[Collected data entries]
┏━━
(* Let $n\ge 2$, $F\in GL^+(n)$, $\mu>0$, $\mu_c\ge 0$, and consider $\widetilde W_{\mu,\mu_c}(\cdot;F):SO(n)\to\mathbb R$. Then: (i) A rotation $R\in SO(n)$ is a critical point of $\widetilde W_{\mu,\mu_c}(\cdot;F)$ if and only if $$(\mu-\mu_c)\big(FR^TFR^T-RF^TRF^T\big)=2\mu\,(FR^T-RF^T).$$ (ii) Let $X\in\mathcal M_{n\times n}(\mathbb R)$ with $\det X>0$ and put $R=X^TF^{-T}$. Then $R\in SO(n)$ and $R$ is a critical point of $\widetilde W_{\mu,\mu_c}(\cdot;F)$ if and only if $$(\mu-\mu_c)\big(X^2-(X^T)^2\big)=2\mu(X-X^T)\quad\text{and}\quad XX^T=FF^T .$$ (iii) Equivalently, with $X$ and $R$ as in (ii), $R\in SO(n)$ is a critical point if and only if $$(X-X^T)\big((\mu-\mu_c)(X+X^T)-2\mu\,\mathbb I_n\big)=(\mu-\mu_c)[X,X^T]\quad\text{and}\quad XX^T=FF^T,$$ where $[U,V]=UV-VU$. (Every $R\in SO(n)$ arises in this way, with $X=FR^T$.)
   Context: For a square matrix $Y$, $\mathrm{sym}(Y)=\tfrac12(Y+Y^T)$, $\mathrm{skew}(Y)=\tfrac12(Y-Y^T)$, and $\|Y\|^2=\mathrm{tr}(Y^TY)$ is the Frobenius norm. $GL^+(n)$ denotes real $n\times n$ matrices with positive determinant. For $F\in GL^+(n)$, $\mu>0$, $\mu_c\ge0$, the generalized free energy is $\widetilde W_{\mu,\mu_c}(R;F)=\mu\|\mathrm{sym}(R^TF-\mathbb I_n)\|^2+\mu_c\|\mathrm{skew}(R^TF-\mathbb I_n)\|^2$ for $R\in SO(n)$. A critical point means a critical point of this function restricted to the smooth submanifold $SO(n)\subset\mathcal M_{n\times n}(\mathbb R)$. *)

From HB Require Import structures.
From mathcomp Require Import all_boot all_order all_algebra.
Set Implicit Arguments. Unset Strict Implicit. Unset Printing Implicit Defensive.
Import Order.TTheory GRing.Theory Num.Theory.
Local Open Scope ring_scope.

Section Defs.
Variables (K : realFieldType) (n : nat).
Notation M := 'M[K]_n.

Definition msym (Y : M) : M := 2^-1 *: (Y + Y^T).
Definition mskew (Y : M) : M := 2^-1 *: (Y - Y^T).
Definition frob2 (Y : M) : K := \tr (Y^T *m Y).

Definition GLplus (F : M) : Prop := 0 < \det F.
Definition SOn (R : M) : Prop := R^T *m R = 1%:M /\ \det R = 1.

Definition Wt (mu muc : K) (F R : M) : K :=
  mu * frob2 (msym (R^T *m F - 1%:M)) + muc * frob2 (mskew (R^T *m F - 1%:M)).

Definition has_deriv0 (f : K -> K) (l : K) : Prop :=
  forall eps : K, 0 < eps -> exists2 delta : K, 0 < delta &
    forall t : K, 0 < `|t| < delta -> `|(f t - f 0) / t - l| < eps.

(* tangent space of SO(n) at R, as a regular level set of X |-> X^T X *)
Definition tangentSO (R H : M) : Prop := H^T *m R + R^T *m H = 0.

Definition critical_SO (f : M -> K) (R : M) : Prop :=
  SOn R /\ forall H : M, tangentSO R H -> has_deriv0 (fun t => f (R + t *: H)) 0.

Definition commutator (U V : M) : M := U *m V - V *m U.
End Defs.

From HB Require Import structures.
From mathcomp Require Import all_boot all_order all_algebra.
From mathcomp Require Import ring lra.
Set Implicit Arguments. Unset Strict Implicit. Unset Printing Implicit Defensive.
Import Order.TTheory GRing.Theory Num.Theory.
Local Open Scope ring_scope.

(* Along a line R + t H the energy is a quadratic polynomial in t, so its
   derivative at t = 0 is the linear coefficient, the first variation
   (Wt_line, deriv0_quadratic).  The tangent space of SO(n) at R consists of
   the H = B R with B skew (tangentSO_skew), and in such a direction the first
   variation is -tr(N B) for an explicit matrix N = stress (F R^T)
   (first_variation_skew).  Since the symmetric matrices are exactly the
   trace-orthogonal complement of the skew ones (skew_orthogonal_sym), R is
   critical iff N is symmetric, which is the equation of part (i) written in
   X = F R^T (stress_sym_iff, critical_SO_iff).  Part (ii) is the change of
   variables R = X^T F^-T, under which R in SO(n) becomes X X^T = F F^T
   (SOn_subst), and part (iii) is an algebraic rewriting of the equation
   (critical_point_eq_commutator). *)

Lemma deriv0_quadratic (K : realFieldType) (f : K -> K) (b c : K) :
  (forall t, f t - f 0 = t * (b + t * c)) -> (has_deriv0 f 0 <-> b = 0).
Proof.
move=> hf.
have quot t : t != 0 -> (f t - f 0) / t - 0 = b + t * c.
  by move=> t0; rewrite hf subr0 mulrC mulKf.
split=> [hd | b0 eps eps_gt0].
- apply/eqP/negP => /negP b_neq0; have b_gt0 : 0 < `|b| by rewrite normr_gt0.
  have [d d_gt0 near0] := hd (`|b| / 2) ltac:(lra).
  have at_pos : `|b + d / 2 * c| < `|b| / 2.
    rewrite -quot; last by apply/eqP; lra.
    by apply: near0; rewrite ger0_norm; lra.
  have at_neg : `|b + - (d / 2) * c| < `|b| / 2.
    rewrite -quot; last by apply/eqP; lra.
    by apply: near0; rewrite normrN ger0_norm; lra.
  have := ler_normD (b + d / 2 * c) (b + - (d / 2) * c).
  have -> : b + d / 2 * c + (b + - (d / 2) * c) = 2 * b by ring.
  rewrite normrM ger0_norm; lra.
- have c_ge0 := normr_ge0 c.
  exists (eps / (`|c| + 1)) => [|t /andP [t_gt0 t_lt]]; first by rewrite divr_gt0 //; lra.
  rewrite quot -?normr_gt0 // b0 add0r normrM.
  rewrite ltr_pdivlMr in t_lt; last by lra.
  have := normr_ge0 t; nra.
Qed.

Section FreeEnergyVariation.
Variables (K : realFieldType) (n : nat).
Local Notation M := 'M[K]_n.

Lemma trmxD (A B : M) : (A + B)^T = A^T + B^T. Proof. exact: raddfD. Qed.
Lemma trmxB (A B : M) : (A - B)^T = A^T - B^T. Proof. exact: raddfB. Qed.
Lemma trmxZ (a : K) (A : M) : (a *: A)^T = a *: A^T. Proof. exact: linearZ. Qed.

Lemma mxtrace_rot (A B C : M) : \tr (A *m B *m C) = \tr (C *m A *m B).
Proof. by rewrite mxtrace_mulC mulmxA. Qed.

Lemma mxtrace_trmx_mul (A B : M) : \tr (A^T *m B) = \tr (B^T *m A).
Proof. by rewrite -mxtrace_tr trmx_mul trmxK. Qed.

Lemma frob2_line (P Q : M) (t : K) :
  frob2 (P + t *: Q) = frob2 P + t * (2 * \tr (P^T *m Q)) + t * (t * frob2 Q).
Proof.
rewrite /frob2 trmxD trmxZ mulmxDl !mulmxDr -!scalemxAl -!scalemxAr.
by rewrite !mxtraceD !mxtraceZ [\tr (Q^T *m P)]mxtrace_trmx_mul; ring.
Qed.

Lemma msym_line (P Q : M) (t : K) : msym (P + t *: Q) = msym P + t *: msym Q.
Proof.
rewrite /msym trmxD trmxZ scalerA mulrC -scalerA -scalerDr.
by congr (_ *: _); rewrite scalerDr addrACA.
Qed.

Lemma mskew_line (P Q : M) (t : K) : mskew (P + t *: Q) = mskew P + t *: mskew Q.
Proof.
rewrite /mskew trmxD trmxZ scalerA mulrC -scalerA -scalerDr.
by congr (_ *: _); rewrite scalerBr opprD addrACA.
Qed.

Lemma mxtrace_msym (P Q : M) :
  2 * \tr ((msym P)^T *m msym Q) = \tr (P^T *m Q) + \tr (P *m Q).
Proof.
rewrite /msym trmxZ trmxD trmxK -scalemxAl -scalemxAr !mxtraceZ.
rewrite mulmxDl !mulmxDr !mxtraceD -trmx_mul mxtrace_tr.
rewrite [\tr (Q *m P)]mxtrace_mulC [\tr (P *m Q^T)]mxtrace_mulC.
by rewrite [\tr (Q^T *m P)]mxtrace_trmx_mul; field.
Qed.

Lemma mxtrace_mskew (P Q : M) :
  2 * \tr ((mskew P)^T *m mskew Q) = \tr (P^T *m Q) - \tr (P *m Q).
Proof.
rewrite /mskew trmxZ trmxB trmxK -scalemxAl -scalemxAr !mxtraceZ.
rewrite mulmxBl !mulmxBr !raddfB /= -trmx_mul mxtrace_tr.
rewrite [\tr (Q *m P)]mxtrace_mulC [\tr (P *m Q^T)]mxtrace_mulC.
by rewrite [\tr (Q^T *m P)]mxtrace_trmx_mul; field.
Qed.

Lemma tangentSO_skew (R H : M) : R^T *m R = 1%:M ->
  tangentSO R H <-> (H *m R^T)^T = - (H *m R^T).
Proof.
move=> RtR; have RRt := mulmx1C RtR.
have conj : R *m (H^T *m R + R^T *m H) *m R^T = (H *m R^T)^T + H *m R^T.
  rewrite trmx_mul trmxK mulmxDr mulmxDl !mulmxA RRt mul1mx.
  by rewrite -!mulmxA RRt mulmx1.
have unconj : R^T *m ((H *m R^T)^T + H *m R^T) *m R = H^T *m R + R^T *m H.
  rewrite trmx_mul trmxK mulmxDr mulmxDl !mulmxA RtR mul1mx.
  by rewrite -!mulmxA RtR mulmx1.
rewrite /tangentSO; split=> [tan | skew].
- by apply/eqP; rewrite -addr_eq0 -conj tan mulmx0 mul0mx.
- move/eqP: skew; rewrite -addr_eq0 => /eqP skew.
  by rewrite -unconj skew mulmx0 mul0mx.
Qed.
┗━━
The answer must consist of every line from the entries above that contains "move".

The answer >>
move=> hf.
  by move=> t0; rewrite hf subr0 mulrC mulKf.
move=> RtR; have RRt := mulmx1C RtR.
- move/eqP: skew; rewrite -addr_eq0 => /eqP skew.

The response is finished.